TEI

Validation

There are two basic checks if XML is “correct”: well-formedness and validity. Well-formedness is a property of XML as such: do the tags have angle brackets? Is the opening tag followed by a closing tag? And so on. Validity is a property of a given XML language: does the document use the tags in that language? Do these tags occur in the allowed combinations? The rules for this language need to be laid down somewhere. This is not the purpose of the guidelines of the TEI Consortium. These describe what can occur. But it is a purpose of these Brill TEI Guidelines. These also describe what can occur, but sometimes also what must (or must not) occur.

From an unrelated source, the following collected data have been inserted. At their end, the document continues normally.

Lemma fdiag_rank_one dp dq : dp * dq = 0 -> (dp <> 0 \/ dq <> 0) ->
  rank_one (fdiag u1 u2 v1 v2 dp dq).
Proof.
  intros H0 H1. split.
  - intro E. assert (N : mnorm2 (fdiag u1 u2 v1 v2 dp dq) = 0)
      by (rewrite E; unfold mnorm2, mzero; simpl; ring).
    rewrite fdiag_mnorm2 in N. destruct H1; nra.
  - now rewrite fdiag_det.
Qed.

End Frame.

Lemma fdiag_sub u1 u2 v1 v2 p q p' q' :
  msub (fdiag u1 u2 v1 v2 p q) (fdiag u1 u2 v1 v2 p' q') = fdiag u1 u2 v1 v2 (p - p') (q - q').
Proof. unfold msub, madd, mscale, fdiag; simpl. f_equal; field. Qed.

Lemma fdiag_comb u1 u2 v1 v2 s p q p' q' :
  madd (mscale s (fdiag u1 u2 v1 v2 p q)) (mscale (1 - s) (fdiag u1 u2 v1 v2 p' q'))
  = fdiag u1 u2 v1 v2 (s * p + (1 - s) * p') (s * q + (1 - s) * q').
Proof. unfold madd, mscale, fdiag; simpl. f_equal; field. Qed.

Lemma fdiag_mscale u1 u2 v1 v2 t p q :
  mscale t (fdiag u1 u2 v1 v2 p q) = fdiag u1 u2 v1 v2 (t * p) (t * q).
Proof. unfold mscale, fdiag; simpl. f_equal; field. Qed.

Lemma unit_direction a b : exists u1 u2, u1 ^ 2 + u2 ^ 2 = 1 /\
  sqrt (a ^ 2 + b ^ 2) * u1 = a /\ sqrt (a ^ 2 + b ^ 2) * u2 = b.
Proof.
  destruct (Req_dec (sqrt (a ^ 2 + b ^ 2)) 0) as [H|H].
  - exists 1, 0. rewrite H. apply sqrt_eq_0 in H; [|apply sum_sq2_ge0].
    repeat split; nra.
  - exists (a / sqrt (a ^ 2 + b ^ 2)), (b / sqrt (a ^ 2 + b ^ 2)).
    split; [|split; field; exact H].
    transitivity ((a ^ 2 + b ^ 2) / sqrt (a ^ 2 + b ^ 2) ^ 2); [field; exact H|].
    rewrite pow2_sqrt by apply sum_sq2_ge0. field.
    intro H0. apply H. rewrite H0. apply sqrt_0.
Qed.

Lemma fdiag_decomposition x : exists u1 u2 v1 v2,
  u1 ^ 2 + u2 ^ 2 = 1 /\ v1 ^ 2 + v2 ^ 2 = 1 /\
  x = fdiag u1 u2 v1 v2 (sv_max x) (conf_mod x - anti_mod x).
Proof.
  destruct (unit_direction (conf1 x) (conf2 x)) as (u1 & u2 & hu & e1 & e2).
  destruct (unit_direction (anti1 x) (anti2 x)) as (v1 & v2 & hv & e3 & e4).
  exists u1, u2, v1, v2. split; [exact hu|]. split; [exact hv|].
  fold (conf_mod x) in e1, e2. fold (anti_mod x) in e3, e4.
  unfold fdiag, sv_max.
  replace ((conf_mod x + anti_mod x + (conf_mod x - anti_mod x)) / 2) with (conf_mod x) by field.
  replace ((conf_mod x + anti_mod x - (conf_mod x - anti_mod x)) / 2) with (anti_mod x) by field.
  generalize dependent (conf_mod x). generalize dependent (anti_mod x).
  destruct x as [x11 x12 x21 x22]. unfold conf1, conf2, anti1, anti2; simpl.
  intros w e3 e4 r e1 e2. f_equal; lra.
Qed.

(** * Rank-one convex hulls *)

Lemma rc_hull_compact_of_mem (C : M2 -> Prop) c : C c -> rc_hull_compact C c.
Proof. intros Hc f _ Hf. now apply Hf. Qed.

Lemma rc_hull_compact_rank_one_comb (C : M2 -> Prop) y z s :
  rc_hull_compact C y -> rc_hull_compact C z -> rank_one (msub y z) -> 0 <= s <= 1 ->
  rc_hull_compact C (madd (mscale s y) (mscale (1 - s) z)).
Proof.
  intros Hy Hz Hr Hs f Hf HC.
  pose proof (Hf y z Hr s Hs). pose proof (Hy f Hf HC). pose proof (Hz f Hf HC). nra.
Qed.

Definition mscale_set (t : R) (C : M2 -> Prop) (y : M2) : Prop :=
  exists c, C c /\ y = mscale t c.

Of course, these guidelines are written for human consumption. However, processing large amounts of XML at high accuracy rates requires automatic validation. Any XML parser can do this – Brill uses Oxygen, which is a powerful tool with full support for TEI and an excellent customer service. But the parser needs a machine-readable document. This is called a “schema” and the following section explains how to create and use it.

Schema

First off: a schema contains constraints on the structure and content of XML files. A schema is itself expressed in XML. There are in fact several languages to create a schema, such as the Document Type Definition (DTD) language, XML Schema (with a capital S), and RELAX NG. (The latter is a short form of XML, called “compact syntax”). Being XML, a schema is both human and machine readable. There is a simple mechanism for associating an XML document with a schema: markup within the XML document itself. This happens even before the teiHeader. It is a pointer in the root element. We encountered this above in the following form: TEI@xmlns:rng="http://www.tei-c.org/release/xml/tei/custom/schema/relaxng/tei_all.rng".

Brill prefers RELAX NG (REgular LAnguage for XML Next Generation) because it is adopted as primary schema by TEI and because it is an ISO standard. (ISO/IEC 19757-2 was developed by ISO/IEC JTC1/SC34 and published in its first version in 2003). It supports data typing, regular expression, namespaces, and the ability to reference complex definitions. See http://relaxng.org/.

At this moment, Brill XML that is TEI P5 compliant is associated with the widest, most permissible, all-encompassing schema, tei_all.rng. It remains to be seen whether this is always the most helpful choice. It may well be that scholarly editors working on a publication in a dedicated CMS, or suppliers working on the conversion of a complex MRW, requires a more narrow, more focused schema.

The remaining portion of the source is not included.